July 21st, 2016
(written by lawrence krubner, however indented passages are often quotes). You can contact lawrence at: firstname.lastname@example.org
Not mentioned below is that RabbitMQ works hard to guarantee delivery of a message, so it is slow, but that is because it is in some ways doing more than Kafka.
I created 4 queues, wrote a ruby client and started inserting messages. I got a publishing rate of about 20k/s using multiple threads but I got a few stalls caused by the vm_memory_high_watermark, from my understanding during those stalls it writing to disk. Not exactly awesome given my requirements. Also, some part is always kept in memory even if a queue is durable so, even though I had plenty of disk space, the memory usage grew and eventually hit the vm_memory_high_watermark setting. The cpu load was pretty high during the load, between 40% and 50% on an 8 cores VM.
Even though my requirements were not met, I setup a replicated queue on 2 nodes and inserted a few millions objects. I killed one of the two nodes and insert were even faster but then… I did a mistake. I restarted the node and asked for a resync. Either I didn’t set it correctly or the resync is poorly implemented but it took forever to resync and it was slowing down as it progressed. At 58% done, it has been running for 17h, one thread at 100%. My patience was exhausted.

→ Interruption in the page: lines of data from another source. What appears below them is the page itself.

Definition alpha (R : realType) (Nx Np : nat) (A : 'M[R]_Nx)
  (Bp : 'M[R]_(Nx, Np)) (t : R) : 'M[R]_(Nx, Np) :=
  \matrix_(i, j) sup [set (expm A (t - s) *m Bp) i j | s in `[0, t]].

Definition beta (R : realType) (Nx Np : nat) (A : 'M[R]_Nx)
  (Bp : 'M[R]_(Nx, Np)) (t : R) : 'M[R]_(Nx, Np) :=
  \matrix_(i, j) inf [set (expm A (t - s) *m Bp) i j | s in `[0, t]].

(* For s in [0, t] each entry of the kernel e^{A(t-s)} B_p lies between the
   corresponding entries of beta(t) and alpha(t), so for a nonnegative input p_a
     beta(t) int_0^t p_a  <=  int_0^t e^{A(t-s)} B_p p_a(s) ds  <=  alpha(t) int_0^t p_a,
   and the hypotheses sandwich this input response between b_-(t) and b_+(t).
   The three states share the free and the disturbance responses, hence
   x_-(t) <= x_a(t) <= x_+(t), and x_+, x_- are feasible. *)

From HB Require Import structures.
From mathcomp Require Import all_boot all_order all_algebra.
From mathcomp Require Import all_classical all_reals all_analysis.
From mathcomp Require Import lra.
Import Order.TTheory GRing.Theory Num.Theory numFieldNormedType.Exports.
Local Open Scope classical_set_scope.
Local Open Scope ring_scope.

Section MatrixExponential.
Context {R : realType} {n : nat} (A : 'M[R]_n).

Definition mxabs_sum : R := \sum_i \sum_j `|A i j|.

Lemma mxabs_sum_ge0 : 0 <= mxabs_sum.
Proof. by apply: sumr_ge0 => i _; apply: sumr_ge0. Qed.

Lemma norm_exprmx_le k i j : `|(A ^+ k) i j| <= mxabs_sum ^+ k.
Proof.
elim: k i j => [|k IHk] i j.
  by rewrite expr0 !mxE; case: (i == j); rewrite ?normr1 ?normr0.
have col_le : \sum_l `|A l j| <= mxabs_sum.
  apply: ler_sum => l _.
  by rewrite (bigD1 j) //= lerDl sumr_ge0.
rewrite exprSr -mulmxE mxE exprSr.
apply: le_trans (ler_norm_sum _ _ _) _.
apply: le_trans (ler_wpM2l (exprn_ge0 _ mxabs_sum_ge0) col_le).
rewrite mulr_sumr; apply: ler_sum => l _.
by rewrite normrM ler_wpM2r.
Qed.

Definition expm_coef (u : R) i j (k : nat) : R :=
  u ^+ k / (k`!)%:R * (A ^+ k) i j.

Lemma norm_expm_coef_le u i j k :
  `|expm_coef u i j k| <= exp_coeff (`|u| * mxabs_sum) k.
Proof.
rewrite /expm_coef /exp_coeff /= normrM normrM exprMn normrX normfV normr_nat.
by rewrite [X in _ <= X]mulrAC ler_wpM2l ?norm_exprmx_le.
Qed.

Lemma cvg_normed_expm_series u i j : cvgn [normed series (expm_coef u i j)].
Proof.
apply: (@series_le_cvg _ _ (exp_coeff (`|u| * mxabs_sum))).
- by move=> k; exact: normr_ge0.
- by move=> k; exact: exp_coeff_ge0 (mulr_ge0 (normr_ge0 _) mxabs_sum_ge0).
- exact: norm_expm_coef_le.
- exact: is_cvg_series_exp_coeff.
Qed.

Lemma expmE u i j : expm A u i j = limn (series (expm_coef u i j)).
Proof.
rewrite /expm mxE; congr (limn _); apply: funext => N.
by rewrite /series /= summxE big_mkord; apply: eq_bigr => k _; rewrite mxE.
Qed.

Lemma expm_series_cvg u i j : series (expm_coef u i j) @ \oo --> expm A u i j.
Proof. by rewrite expmE; apply: normed_cvg; exact: cvg_normed_expm_series. Qed.

Lemma norm_expm_le b u i j : `|u| <= b -> `|expm A u i j| <= expR (b * mxabs_sum).
Proof.
move=> ub; rewrite expmE.
apply: le_trans (lim_series_norm (cvg_normed_expm_series u i j)) _.
apply: ler_lim; [exact: cvg_normed_expm_series | exact: is_cvg_series_exp_coeff|].
near=> N; apply: ler_sum => k _; apply: le_trans (norm_expm_coef_le _ _ _ _) _.
rewrite /exp_coeff /= ler_wpM2r ?invr_ge0 ?ler0n // lerXn2r ?nnegrE //.
- by rewrite mulr_ge0 ?mxabs_sum_ge0.
- by rewrite mulr_ge0 ?mxabs_sum_ge0 // (le_trans (normr_ge0 _) ub).
- by rewrite ler_wpM2r ?mxabs_sum_ge0.
Unshelve. all: by end_near. Qed.

Lemma measurable_fun_expm d (T : measurableType d) (D : set T) (f : T -> R) i j :
  measurable_fun D f -> measurable_fun D (fun x => expm A (f x) i j).
Proof.
move=> mf.
apply: (measurable_realfun.measurable_fun_cvg
  (h := fun N x => series (expm_coef (f x) i j) N)); last first.
  by move=> x _; exact: expm_series_cvg.
move=> N; apply: measurable_sum => k.
apply: measurable_realfun.measurable_funM => //.
apply: measurable_realfun.measurable_funM => //.
exact: measurable_realfun.measurable_funX.
Qed.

Sometimes you look at a technology and you just say: wow, this is really done the way it should be. At least I could say that for the purpose I had. What is so special about Kafka is the architecture, it stores the messages in flat files and consumers ask messages based on an offset.
…Feature wise Kafka, isn’t that great. There’s no web frontend builtin although a few are available in the ecosystem. Routing and rules are inexistent and stats are just with JMX. But, the performance… I reached a publishing speed of 165k messages/s over a single thread, I didn’t bother tuning for more. Consuming was essentially disk bound on the server, 3M messages/s… amazing. That was without Zookeeker coordination. Memory and cpu usage were modest.
Kestrel is very simple, queues are defined in a configuration file but you can specify, per queue, storage limits, expiration and behavior when limits are reached. With a setting like “discardOldWhenFull = true”, my requirement of never blocking the publishers is easily met.
In term of clustering Kestrel is a bit limited but each can publish its availability to Zookeeper so that publishers and consumers can be informed of a missing server and adjust. Of course, if you have many Kestrel servers with the same queue defined, the consumers will need to query all of the broker to get the message back and strict ordering can be a bit hard.
In term of performance, a few simple bash scripts using nc to publish messages easily reached 10k messages/s which is very good. The rate is static over time and likely limited by the reconnection for each message. The presence of consumers slightly reduces the publishing rate but nothing drastic. The only issue I had was when a large number of messages expired, the server froze for some time but that was because I forgot to set maxExpireSweep to something like 100 and all the messages were removed in one pass.
So, fairly good impression on Kestrel, simple but works well.